Most distant laser ever found in a galaxy 6.6 billion light-years away
- Lasers aren’t only produced by humans here on Earth, but occur naturally in space as masers and, more powerfully, as megamasers.
- While mapping out the neutral hydrogen in the Universe, the MeerKAT array serendipitously discovered the most distant megamaser ever, located 6.6 billion light-years away.
- Known as Nkalakatha, the Zulu word for “big boss,” the natural laser alone is as bright as more than six thousand Suns: perhaps the most powerful laser ever seen.
Here on Earth, the very idea of a laser is relatively novel, having only been invented in 1958. The underlying physics is straightforward, as a molecule gets excited to a higher-energy state, the electron de-transitions back to the lower energy state, emitting light of a very specific wavelength in the process. By re-exciting the molecule back into that higher-energy state, over and over, light of precisely that same, monochromatic wavelength gets emitted over and over. So long as you continue stimulating the same transition, you’ll keep getting that same frequency light over and over again.
But out there in the Universe, the phenomenon occurs naturally in a number of galaxies at much longer wavelengths than the eye can see: in the microwave portion of the spectrum. Astrophysically, these objects are known as masers, and arise when energy gets injected into large populations of molecules that only de-excite in specific ways. Using the MeerKAT array, scientists recently identified the strongest, most distant maser ever seen: an object so strong that it’s more luminous, just in that one emission line, than the total light emitted from 6,000 Suns. This record-breaking megamaser really is a laser from space, and its story is billions of years in the making.
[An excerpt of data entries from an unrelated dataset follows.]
Lemma tensor_addl (A C : op T1) (B : op T2) :
  tensor (opadd A C) B = opadd (tensor A B) (tensor C B).
Proof.
apply: functional_extensionality => i; apply: functional_extensionality => k.
by rewrite /tensor /opadd mulrDl.
Qed.

Lemma tensor_addr (A : op T1) (B D : op T2) :
  tensor A (opadd B D) = opadd (tensor A B) (tensor A D).
Proof.
apply: functional_extensionality => i; apply: functional_extensionality => k.
by rewrite /tensor /opadd mulrDr.
Qed.

Lemma tensor_suml n (f : nat -> op T1) (B : op T2) :
  tensor (opsum n f) B = opsum n (fun j => tensor (f j) B).
Proof.
apply: functional_extensionality => i; apply: functional_extensionality => k.
by rewrite /tensor /opsum mulr_suml.
Qed.

Lemma tensor_sumr n (A : op T1) (f : nat -> op T2) :
  tensor A (opsum n f) = opsum n (fun j => tensor A (f j)).
Proof.
apply: functional_extensionality => i; apply: functional_extensionality => k.
by rewrite /tensor /opsum mulr_sumr.
Qed.

(* A vector on T1 * T2 is a family of slices; an operator acting on one
   factor acts slice by slice, so its norm bounds lift to the product. *)
Lemma norm2_pair y : norm2 y = \sum_i2 norm2 (fun i1 => y (i1, i2)).
Proof. by rewrite /norm2 sum_pair exchange_big. Qed.

Lemma norm2_pair' y : norm2 y = \sum_i1 norm2 (fun i2 => y (i1, i2)).
Proof. by rewrite /norm2 sum_pair. Qed.

Lemma apply_tl (A : op T1) y i1 i2 :
  apply (tensor A (@idop T2)) y (i1, i2) = apply A (fun j1 => y (j1, i2)) i1.
Proof.
rewrite /apply /tensor sum_pair; apply: eq_bigr => j1 _ /=.
rewrite /idop; under eq_bigr => j2 _ do rewrite -mulrA.
by rewrite -mulr_sumr sum_delta'.
Qed.

Lemma apply_tr (B : op T2) y i1 i2 :
  apply (tensor (@idop T1) B) y (i1, i2) = apply B (fun j2 => y (i1, j2)) i2.
Proof.
rewrite /apply /tensor sum_pair /= exchange_big /=; apply: eq_bigr => j2 _ /=.
rewrite /idop; under eq_bigr => j1 _ do rewrite [_ * B _ _]mulrC -mulrA.
by rewrite -mulr_sumr sum_delta'.
Qed.

Lemma norm2_tl (A : op T1) y : norm2 (apply (tensor A (@idop T2)) y) =
  \sum_i2 norm2 (apply A (fun i1 => y (i1, i2))).
Proof.
rewrite norm2_pair; apply: eq_bigr => i2 _; apply: eq_bigr => i1 _.
by rewrite apply_tl.
Qed.

Lemma norm2_tr (B : op T2) y : norm2 (apply (tensor (@idop T1) B) y) =
  \sum_i1 norm2 (apply B (fun i2 => y (i1, i2))).
Proof.
rewrite norm2_pair'; apply: eq_bigr => i1 _; apply: eq_bigr => i2 _.
by rewrite apply_tr.
Qed.

Lemma contr_tl (A : op T1) : contr A -> contr (tensor A (@idop T2)).
Proof. move=> h y; rewrite norm2_tl norm2_pair; apply: ler_sum => i _; exact: h. Qed.

Lemma contr_tr (B : op T2) : contr B -> contr (tensor (@idop T1) B).
Proof. move=> h y; rewrite norm2_tr norm2_pair'; apply: ler_sum => i _; exact: h. Qed.

Lemma isom_tl (A : op T1) : isom A -> isom (tensor A (@idop T2)).
Proof. move=> h y; rewrite norm2_tl norm2_pair; apply: eq_bigr => i _; exact: h. Qed.

Lemma isom_tr (B : op T2) : isom B -> isom (tensor (@idop T1) B).
Proof. move=> h y; rewrite norm2_tr norm2_pair'; apply: eq_bigr => i _; exact: h. Qed.

Lemma contr_tensor (A : op T1) (B : op T2) :
  contr A -> contr B -> contr (tensor A B).
Proof.
by move=> hA hB; rewrite tensor_split; apply: contr_mulop; [apply: contr_tl|apply: contr_tr].
Qed.

Lemma orth_sum_tl (I : finType) (Pi : I -> op T1) y :
  orth_proj_family Pi -> \sum_w norm2 (apply (tensor (Pi w) (@idop T2)) y) <= norm2 y.
Proof.
move=> h; under eq_bigr => w _ do rewrite norm2_tl.
rewrite exchange_big norm2_pair; apply: ler_sum => i2 _; exact: orth_sum.
Qed.

Lemma orth_sum_tr (I : finType) (Pi : I -> op T2) y :
  orth_proj_family Pi -> \sum_w norm2 (apply (tensor (@idop T1) (Pi w)) y) <= norm2 y.
Proof.
move=> h; under eq_bigr => w _ do rewrite norm2_tr.
rewrite exchange_big norm2_pair'; apply: ler_sum => i1 _; exact: orth_sum.
Qed.

End Tensor.

(* The standard oracle is a permutation of the basis, hence unitary. *)
Lemma oracle_isom (X : finType) (m : nat) (W : finType) (F' : X -> bits m) :
  isom (oracle W F').
Proof.
apply: isom_unitary.
pose s (j : sys X m W) : sys X m W := ((j.1.1, bxor j.1.2 (F' j.1.1)), j.2).
have ss : forall j, s (s j) = j.
  case=> [[x y] w]; rewrite /s /=; congr (_, _, _).
  by apply/ffunP => k; rewrite !ffunE addbK.
have es : forall i j, (i == s j) = (j == s i).
  by move=> i j; apply/eqP/eqP => ->; rewrite ss.
have oE : forall i j, oracle W F' i j = (i == s j)%:R by [].
split; apply: functional_extensionality => i; apply: functional_extensionality => k;
  rewrite /mulop /adj /idop.
  under eq_bigr => j _ do rewrite !oE conjC_nat mulrC.
  by rewrite sum_delta es ss.
under eq_bigr => j _ do rewrite !oE conjC_nat (es i) (es k).
by rewrite sum_delta es ss eq_sym.
Qed.

(* Queries outside v do not see the reprogramming: after projecting the
   query input register away from v, the oracles of F_{v,z} and F agree. *)
Lemma oracle_reprog (X : finType) (m : nat) (W : finType) (F : X -> bits m) (r : nat)
  (v : r.-tuple X) (z : r.-tuple (bits m)) :
  mulop (oracle W (reprog F v z)) (dg (predC (fun i : sys X m W => i.1.1 \in v)))
  = mulop (oracle W F) (dg (predC (fun i : sys X m W => i.1.1 \in v))).
Proof.
apply: functional_extensionality => i; apply: functional_extensionality => k.
rewrite /mulop; apply: eq_bigr => j _; rewrite /dg /=.
case hj: (j.1.1 \in v); first by rewrite andbF !mulr0.
by rewrite /oracle /reprog hj.
Qed.

Section Telescope.
Variable T : finType.
Variables (W : op T) (p : pred T).

(* W splits into the part acting after a hit of p and the part W' acting
   after a miss; W^n is W'^n plus the sum over the time j of the first hit. *)
Definition miss_step : op T := mulop W (dg (predC p)).
Definition hit_step : op T := mulop W (dg p).
Definition first_hit_sum (n : nat) : op T :=
  opsum n (fun j => mulop (opexp miss_step (n.-1 - j)) (mulop hit_step (opexp W j))).

Lemma split_step x : apply W x = vadd (apply hit_step x) (apply miss_step x).
Proof. by rewrite /hit_step /miss_step !apply_mulop -apply_vadd dg_compl. Qed.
In our terrestrial laboratories, the way a laser works is both straightforward and remarkably informative, with applications to the larger Universe. Originally, laser was an acronym for Light Amplification by Stimulated Emission of Radiation, and the way it works is as follows.
- You start with a system, like an atom, a molecule, or a crystal, that has multiple allowable energy states.
- The electron moves into an excited state, one that has the potential to transition to the same lower-energy state every time.
- You then stimulate that excited state with a photon of the desired wavelength, causing the excited state to de-excite and emit another photon of the desired wavelength.
- And then you pump energy back into the system, causing the de-excited component to enter back into the excited state.
It’s these oscillations of the electrons, from the lower energy state to the higher one and back down again, where the last step causes the emission of a photon of a very specific wavelength, that leads to the coherent, monochromatic light that’s characteristic of a laser. Ironically, nothing is being amplified; rather, we’ve adopted the modern term laser because of the distaste that would come along with the acronym Light Oscillation by Stimulated Emission of Radiation.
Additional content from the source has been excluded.